By combining the USGS gage readings with the lake level measurements made by Brookfield, one can ascertain with a great degree of certainty how the turbine facility is operated. This cannot be done with the lake level measurements alone. Looking at the river flows provides insights as to the release strategies Brookfield uses which are not discussed anywhere. The various operating modes are bypass flow, one turbine operation and two turbine operation and their respective durations. Tallying such data throughout the year provides an estimate as to the total quantity of water realized from the lake. Note that this says nothing about the leakage through the wicket gates, which is 24x7x52 and which cannot be ascertained without a special, not difficult to do, measurement in the tail race. One can also determine the travel speed of the wave created by the release.

Appendix A - USGS River Gages

The following USGS stations are of interest to this study. The data were obtained from the pertinent USGS websites.

  1. Station #03076100 = YOUGHIOGHENY RIVER AT HOYES RUN, MD (hoyes) - LOCATION.–Lat 39°31’32.9”, long 79°24’38.7”, referenced to North American Datum of 1983, Garrett County, MD, Hydrologic Unit 05020006, on right bank 0.2 mi upstream of Hoyes Run, and 3.5 mi upstream from bridge on Sang Run Road. - Discharge and Gage Height both from 2011-07-29 to present
  2. Station #03075800 = POLAND RUN NEAR SWANTON, MD (poland) —– NOTE: This gage has been taken out of service as of 6/14/2013 - LOCATION.–Lat 39°29’11.1”, long 79°16’35.8”, Garrett County, Hydrologic Unit 05020006, on right bank, 3.0 mi northwest of Swanton, 4.6 mi northeast of Deer Park, 3.6 mi southeast of Thayerville, and approximately 400 ft upstream of confluence with Deep Creek Lake - A variety of parameters including discharge and temperature.
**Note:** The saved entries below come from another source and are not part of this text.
(* Let $\gamma,\delta$ be constants and $u_0,u_1$ nonzero constants. Let $\mathfrak p_n,\mathfrak q_n$ be the $7$-periodic integer sequences with $\mathfrak p_n=1$ if $n\equiv1$ or $5\pmod 7$ and $\mathfrak p_n=0$ otherwise, and $\mathfrak q_n=1$ if $n\equiv 0,3$ or $6\pmod 7$ and $\mathfrak q_n=0$ otherwise. Let $(d_n)_{n\in\mathbb Z}$ be a sequence of nonzero numbers satisfying the non-autonomous Somos-5 recurrence $$d_{n-3}d_{n+2}=\gamma_n\,d_{n-2}d_{n+1}+\delta_n\,d_{n-1}d_n,\qquad \gamma_n=\gamma\,u_0^{\mathfrak p_{n+1}}u_1^{\mathfrak p_{n-3}},\quad \delta_n=\delta\,u_0^{\mathfrak q_{n+1}}u_1^{\mathfrak q_{n-3}},$$ and let $(\eta_n)_{n\in\mathbb Z}$ be an integer sequence satisfying $\eta_{n+3}-\eta_{n+2}-\eta_{n+1}+\eta_n=\mathfrak p_n-\mathfrak q_n$ for all $n$. Define $$k_n=u_0^{\eta_{n+3}+\eta_n}u_1^{\eta_{n-1}+\eta_{n-4}}\,d_nd_{n-3},\qquad l_n=u_0^{\eta_{n+2}+\eta_{n+1}}u_1^{\eta_{n-2}+\eta_{n-3}}\,d_{n-1}d_{n-2}.$$ Then $(k_n,l_n)$ satisfies the system $$k_{n+1}k_{n-1}=\gamma\,k_nl_n+\delta\,l_n^2,\qquad l_{n+1}l_{n-1}=k_nl_n.$$
   Context: This is the special case $a_1=a_3=0$, $a_2=1$, $a_5=\gamma$, $a_6=\delta$ of the system $k_{n+1}k_{n-1}=a_3k_n^2+a_5k_nl_n+a_6l_n^2$, $l_{n+1}l_{n-1}=a_1k_n^2+a_2k_nl_n+a_3l_n^2$. *)

From HB Require Import structures.
From mathcomp Require Import all_boot all_order all_algebra.
Set Implicit Arguments. Unset Strict Implicit. Unset Printing Implicit Defensive.
Import Order.TTheory GRing.Theory Num.Theory.
Local Open Scope ring_scope.

Definition frakp (n : int) : nat :=
  let r := (n %% 7)%Z in if (r == 1) || (r == 5) then 1%N else 0%N.

Definition frakq (n : int) : nat :=
  let r := (n %% 7)%Z in if [|| r == 0, r == 3 | r == 6] then 1%N else 0%N.

From HB Require Import structures.
From mathcomp Require Import all_boot all_order all_algebra.
From mathcomp Require Import zify ring.
Set Implicit Arguments. Unset Strict Implicit. Unset Printing Implicit Defensive.
Import Order.TTheory GRing.Theory Num.Theory.
Local Open Scope ring_scope.

(* With K_n = d_n d_(n-3) and L_n = d_(n-1) d_(n-2), the Somos-5 recurrence at
   n - 1 is literally the non-autonomous system
     K_(n+1) K_(n-1) = gamma_(n-1) K_n L_n + delta_(n-1) L_n^2,
     L_(n+1) L_(n-1) = K_n L_n.
   Rescaling K_n by a_n = u0^(eta_(n+3)+eta_n) u1^(eta_(n-1)+eta_(n-4)) and L_n
   by b_n = u0^(eta_(n+2)+eta_(n+1)) u1^(eta_(n-2)+eta_(n-3)) absorbs the
   periodic parts of gamma_(n-1) and delta_(n-1).  The u1-part of each factor
   is the u0-part with eta shifted by 4, so everything reduces to linear
   identities between exponents; these follow from the difference equation
   for eta and from p_(n-1) + p_n + p_(n+1) = q_(n-1) + q_(n+1), a check over
   one period modulo 7. *)

Section Gauge.
Variable R : comPzRingType.
Implicit Types (gamma delta : R) (c e a b k l d : int -> R) (n : int).

Definition kl_system c e k l n :=
  k (n + 1) * k (n - 1) = c n * k n * l n + e n * l n ^+ 2 /\
  l (n + 1) * l (n - 1) = k n * l n.

Definition gauge gamma delta c e a b n :=
  [/\ a (n + 1) * a (n - 1) * c n = gamma * a n * b n,
      a (n + 1) * a (n - 1) * e n = delta * b n ^+ 2 &
      b (n + 1) * b (n - 1) = a n * b n].

Lemma gauge_transform gamma delta c e a b k l n :
  kl_system c e k l n -> gauge gamma delta c e a b n ->
  kl_system (fun=> gamma) (fun=> delta)
    (fun m => a m * k m) (fun m => b m * l m) n.
Proof.
move=> [kE lE] [acE aeE bE]; split => /=.
- transitivity (a (n + 1) * a (n - 1) * (k (n + 1) * k (n - 1))); first by ring.
  rewrite kE; transitivity (a (n + 1) * a (n - 1) * c n * k n * l n
                            + a (n + 1) * a (n - 1) * e n * l n ^+ 2); first by ring.
  by rewrite acE aeE; ring.
- transitivity (b (n + 1) * b (n - 1) * (l (n + 1) * l (n - 1))); first by ring.
  by rewrite bE lE; ring.
Qed.

Lemma gauge_mul gamma delta c0 e0 a0 b0 c1 e1 a1 b1 n :
  gauge 1 1 c0 e0 a0 b0 n -> gauge 1 1 c1 e1 a1 b1 n ->
  gauge gamma delta (fun m => gamma * c0 m * c1 m) (fun m => delta * e0 m * e1 m)
    (fun m => a0 m * a1 m) (fun m => b0 m * b1 m) n.
Proof.
move=> [c0E e0E b0E] [c1E e1E b1E]; split.
- transitivity (gamma * (a0 (n + 1) * a0 (n - 1) * c0 n)
                      * (a1 (n + 1) * a1 (n - 1) * c1 n)); first by ring.
  by rewrite c0E c1E; ring.
- transitivity (delta * (a0 (n + 1) * a0 (n - 1) * e0 n)
                      * (a1 (n + 1) * a1 (n - 1) * e1 n)); first by ring.
  by rewrite e0E e1E; ring.
- transitivity (b0 (n + 1) * b0 (n - 1) * (b1 (n + 1) * b1 (n - 1))); first by ring.
  by rewrite b0E b1E; ring.
Qed.

Definition somos_K d n := d n * d (n - 3).
Definition somos_L d n := d (n - 1) * d (n - 2).

Lemma somos5_kl_system c e d n :
  d (n - 4) * d (n + 1) = c n * d (n - 3) * d n + e n * d (n - 2) * d (n - 1) ->
  kl_system c e (somos_K d) (somos_L d) n.
Proof.
move=> rec.
have KS : somos_K d (n + 1) = d (n + 1) * d (n - 2) by rewrite /somos_K -addrA.
have KP : somos_K d (n - 1) = d (n - 1) * d (n - 4) by rewrite /somos_K -addrA.
have LS : somos_L d (n + 1) = d n * d (n - 1) by rewrite /somos_L addrK -addrA.
have LP : somos_L d (n - 1) = d (n - 2) * d (n - 3) by rewrite /somos_L -!addrA.
rewrite /kl_system KS KP LS LP /somos_K /somos_L; split; last by ring.
transitivity (d (n - 1) * d (n - 2) * (d (n - 4) * d (n + 1))); first by ring.
by rewrite rec; ring.
Qed.

End Gauge.

Section Exponents.
Implicit Types (eta : int -> int) (n j : int).

Definition kexp eta n := eta (n + 3) + eta n.
Definition lexp eta n := eta (n + 2) + eta (n + 1).

Lemma kexp_shift eta j n : kexp (fun m => eta (m + j)) n = kexp eta (n + j).
Proof. by rewrite /kexp addrAC. Qed.

Lemma lexp_shift eta j n : lexp (fun m => eta (m + j)) n = lexp eta (n + j).
Proof. by rewrite /lexp addrAC [n + 1 + j]addrAC. Qed.

Lemma kexp_succ eta n : kexp eta (n + 1) = eta (n + 4) + eta (n + 1).
Proof. by rewrite /kexp -addrA. Qed.

Lemma kexp_pred eta n : kexp eta (n - 1) = eta (n + 2) + eta (n - 1).
Proof. by rewrite /kexp -addrA. Qed.

Lemma lexp_succ eta n : lexp eta (n + 1) = eta (n + 3) + eta (n + 2).
Proof. by rewrite /lexp -!addrA. Qed.

Lemma lexp_pred eta n : lexp eta (n - 1) = eta (n + 1) + eta n.
Proof. by rewrite /lexp -addrA subrK. Qed.

Lemma lexp_rec eta n : lexp eta (n + 1) + lexp eta (n - 1) = kexp eta n + lexp eta n.
Proof. by rewrite lexp_succ lexp_pred /kexp /lexp; ring. Qed.

Variables (eta : int -> int) (p q : int -> nat).
Hypothesis eta_diff : forall n, kexp eta n - lexp eta n = (p n)%:Z - (q n)%:Z.
Hypothesis pq_balance : forall n,
  (p (n - 1))%:Z + (p n)%:Z + (p (n + 1))%:Z = (q (n - 1))%:Z + (q (n + 1))%:Z.

Lemma kexp_rec_p n : kexp eta (n + 1) + kexp eta (n - 1) + (p n)%:Z = kexp eta n + lexp eta n.
Proof.
move: (eta_diff (n + 1)) (eta_diff (n - 1)) (pq_balance n).
by rewrite kexp_succ lexp_succ kexp_pred lexp_pred /kexp /lexp; lia.
Qed.

Lemma kexp_rec_q n : kexp eta (n + 1) + kexp eta (n - 1) + (q n)%:Z = lexp eta n + lexp eta n.
Proof. by move: (kexp_rec_p n) (eta_diff n); lia. Qed.

Lemma eta_diff_shift j n :
  kexp (fun m => eta (m + j)) n - lexp (fun m => eta (m + j)) n
  = (p (n + j))%:Z - (q (n + j))%:Z.
Proof. by rewrite kexp_shift lexp_shift. Qed.

Lemma pq_balance_shift j n :
  (p (n - 1 + j))%:Z + (p (n + j))%:Z + (p (n + 1 + j))%:Z
  = (q (n - 1 + j))%:Z + (q (n + 1 + j))%:Z.
Proof. by rewrite !(addrAC n _ j). Qed.

Lemma gauge_monomial (F : fieldType) (x : F) n : x != 0 ->
  gauge 1 1 (fun m => x ^+ p m) (fun m => x ^+ q m)
    (fun m => x ^ kexp eta m) (fun m => x ^ lexp eta m) n.
Proof.
move=> x_neq0; split; rewrite ?mul1r ?expr2 ?exprnP -!expfzDr //; congr (x ^ _).
- exact: kexp_rec_p.
- exact: kexp_rec_q.
- exact: lexp_rec.
Qed.

End Exponents.

Lemma frak_balance n :
  (frakp (n - 1))%:Z + (frakp n)%:Z + (frakp (n + 1))%:Z
  = (frakq (n - 1))%:Z + (frakq (n + 1))%:Z.
Proof.
rewrite /frakp /frakq -(modzDml n 1) -(modzDml n (-1)).
have : (n %% 7)%Z < 7 by rewrite ltz_pmod.
have : 0 <= (n %% 7)%Z by rewrite modz_ge0.
case: (n %% 7)%Z => [r|r] // _.
by do 7! case: r => [|r] //.
Qed.

Theorem theorem5 (F : fieldType) (gamma delta u0 u1 : F)
    (d : int -> F) (eta : int -> int) :
  u0 != 0 -> u1 != 0 ->
  (forall n : int, d n != 0) ->
  (forall n : int,
      d (n - 3) * d (n + 2) =
        (gamma * u0 ^+ frakp (n + 1) * u1 ^+ frakp (n - 3)) * d (n - 2) * d (n + 1)
      + (delta * u0 ^+ frakq (n + 1) * u1 ^+ frakq (n - 3)) * d (n - 1) * d n) ->
  (forall n : int,
      eta (n + 3) - eta (n + 2) - eta (n + 1) + eta n
        = (frakp n)%:Z - (frakq n)%:Z) ->
  let k := fun n : int =>
    u0 ^ (eta (n + 3) + eta n) * u1 ^ (eta (n - 1) + eta (n - 4)) * d n * d (n - 3) in
  let l := fun n : int =>
    u0 ^ (eta (n + 2) + eta (n + 1)) * u1 ^ (eta (n - 2) + eta (n - 3)) * d (n - 1) * d (n - 2) in
  forall n : int,
    k (n + 1) * k (n - 1) = gamma * k n * l n + delta * l n ^+ 2 /\
    l (n + 1) * l (n - 1) = k n * l n.
Proof.
(* The identities are polynomial in d, so d need not be nonvanishing. *)
move=> u0_neq0 u1_neq0 _ rec eta_rec k l n.
have eta_diff m : kexp eta m - lexp eta m = (frakp m)%:Z - (frakq m)%:Z.
  by rewrite -eta_rec /kexp /lexp; ring.
have rec_pred : d (n - 4) * d (n + 1) =
    gamma * u0 ^+ frakp n * u1 ^+ frakp (n - 4) * d (n - 3) * d n
  + delta * u0 ^+ frakq n * u1 ^+ frakq (n - 4) * d (n - 2) * d (n - 1).
  by move: (rec (n - 1)); rewrite subrK -!addrA.
pose a m := u0 ^ kexp eta m * u1 ^ kexp (fun i => eta (i - 4)) m.
pose b m := u0 ^ lexp eta m * u1 ^ lexp (fun i => eta (i - 4)) m.
have kE m : k m = a m * somos_K d m by rewrite /k /a /kexp /somos_K -addrA mulrA.
have lE m : l m = b m * somos_L d m by rewrite /l /b /lexp /somos_L -!addrA mulrA.
rewrite !kE !lE.
exact: gauge_transform (somos5_kl_system rec_pred)
  (gauge_mul gamma delta (gauge_monomial eta_diff frak_balance n u0_neq0)
     (gauge_monomial (eta_diff_shift eta_diff (-4)) (pq_balance_shift frak_balance (-4))
        n u1_neq0)).
Qed.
Check the website - records from 2007-10-01 through 2008-09-30. While no longer in service, this gage has all kinds of other measurements, possibly important to Deep Creek Lake, since it flows directly into the lake.
  3. Station #03075905 = CHERRY CREEK AT STATE PARK ROAD NEAR MCHENRY, MD (cherrycreek) - LOCATION.–Lat 39°32’16.8”, long 79°18’56.8”, Garrett County, Hydrologic Unit 05020006, on right bank, 3.0 mi southeast of McHenry, 3.2 mi northeast of Thayerville, and 0.15 mi upstream of confluence with Deep Creek Lake. - Discharge and Gage Height both from 2007-10-01 to present.
  4. Station #03076600 = BEAR CREEK AT FRIENDSVILLE, MD (friendsville)LOCATION.–Lat 39°39’22.1”, long 79°23’38.8”, Garrett County, Hydrologic Unit 05020006, on right bank 0.2 mi downstream from bridge on Accident-Friendsville Road, 0.6 mi downstream from South Branch Bear Creek, 0.8 mi southeast of Friendsville, and 1.2 mi upstream from mouth - Discharge and Gage Height both from 2007-10-01 to present
  5. Station #03075500 = YOUGHIOGHENY RIVER NEAR OAKLAND, MD (oakland) - LOCATION.–Lat 39°25’17.7”, long 79°25’25.1”, Garrett County, Hydrologic Unit 05020006, on left bank 200 ft downstream from Baltimore and Ohio Railroad bridge, 250 ft downstream from Little Youghiogheny River, 1.2 mi northwest of Oakland, and 1.5 mi upstream from Dunkard Lick Run - Discharge from 1941-08-26
  6. Station #03076500 = YOUGHIOGHENY RIVER AT FRIENDSVILLE, MD ,LOCATION.—Lat 39°39’13.0”, long 79°24’29.9”, Garrett County, Hydrologic Unit 05020006, on left bank 0.7 mi upstream from bridge on State Highway 42 at Friendsville, and 1.5 mi upstream from Bear Creek. ASL = Above Sea Level Change from EST to EDT: “On the second Sunday in March, at 2:00 a.m. EST, clocks are advanced to 3:00 a.m. EDT leaving a one-hour “gap”. On the first Sunday in November, at 2:00 a.m. EDT, clocks are moved back to 1:00 a.m. EST, thus ‘duplicating’ one hour.”

7. References

  1. https://waterdata.usgs.gov/usa/nwis/uv?03076100 [Accessed 4/18/2017]
  2. https://renewableops.brookfield.com/en/Presence/North-America/Recreation-and-Safety/Deep-Creek-Hydro/Lake-Levels [Accessed 4/18/2017]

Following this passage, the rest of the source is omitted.